Ladybird books

by Chris Bertram on September 27, 2004

Michael Brooke has “a post up today about Ladybird books”:http://www.michaelbrooke.com/2004/09/ladybird-rarities.html and their value to collectors. This sent my scurrying to look for an old post of mine on the subject from back when I was Junius. It had disappeared from the archives! I eventually managed to locate the source in blogger and republish — so “here it is”:http://junius.blogspot.com/2003_01_05_junius_archive.html#390156623 — but I wonder how much else has faded out of existence due to the general flakiness of blogger.
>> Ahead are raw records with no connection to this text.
Lemma sec_partial_0 (N : nat) : sec_partial N 0 = 1.
Proof.
  unfold sec_partial. induction N as [|N IH].
  - rewrite sum_O. simpl. ring.
  - rewrite sum_Sn_R, IH, sin_0, pow_i by lia. ring.
Qed.

Lemma sec_remainder_0 (N : nat) : sec_remainder N 0 = 0.
Proof. unfold sec_remainder. rewrite sec_partial_0, cos_0. ring. Qed.

Lemma sec_remainder_nonneg (N : nat) (x : R) : 0 <= x <= PI / 2 -> 0 <= sec_remainder N x.
Proof.
  intros Hx. rewrite <- (sec_remainder_0 N).
  apply (le_of_derive_nonneg (sec_remainder N)
           (fun t => (2 * INR N + 2) * cbinom (S N) * sin t ^ (2 * N + 1)) 0 x);
    [lra | intros; apply is_derive_sec_remainder |].
  intros t Ht. pose proof (cbinom_pos (S N)). pose proof (pos_INR N).
  apply Rmult_le_pos; [nra | apply pow_le, sin_cos_bounds; lra].
Qed.

Lemma continuous_sec_remainder (N : nat) (x : R) : continuous (sec_remainder N) x.
Proof. eapply continuous_of_is_derive, is_derive_sec_remainder. Qed.

Lemma is_RInt_sin_pow_odd (N : nat) :
  is_RInt (fun x => sin x ^ (2 * N + 1)) 0 (PI / 2) (/ ((2 * INR N + 2) * cbinom (S N))).
Proof.
  set (K := (2 * INR N + 2) * cbinom (S N)).
  assert (HK : 0 < K) by (pose proof (cbinom_pos (S N)); pose proof (pos_INR N); unfold K; nra).
  assert (H : is_RInt (fun x => K * sin x ^ (2 * N + 1)) 0 (PI / 2) 1).
  { replace 1 with (sec_remainder N (PI / 2) - sec_remainder N 0)
      by (rewrite sec_remainder_0; unfold sec_remainder; rewrite cos_PI2; ring).
    apply is_RInt_derive_le; [apply PI2_ge_0 | intros; apply is_derive_sec_remainder |].
    intros x _. continuous_by_derive. }
  replace (/ K) with (/ K * 1) by ring.
  apply (is_RInt_ext_R (fun x => / K * (K * sin x ^ (2 * N + 1)))); [intros x; field; lra |].
  now apply (is_RInt_scal (V := R_NormedModule)).
Qed.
Anyway it was one of my favourite posts, and resulted in “an interesting reaction by Kieran”:http://www.kieranhealy.org/blog/archives/000224.html . An important moment in the prehistory of Crooked Timber.

{ 1 comment }

1

marek 09.27.04 at 11:28 pm

And not just history – the history shaded into biography, but beyond that, much of my basic understanding of how things work, from the internal combustion engine to weather systems, as well as grounding in skills such as map reading, came from Ladybirds.

For my peak Ladybird reading years, the price was always 2/6. On decimalisation, they went correctly to 12½p – and I still remember the deep shock I felt not long afterwards when suddenly they were 15p. I felt personally betrayed by my suddenly reduced purchasing power – a first lesson in the wider consequences of inflation.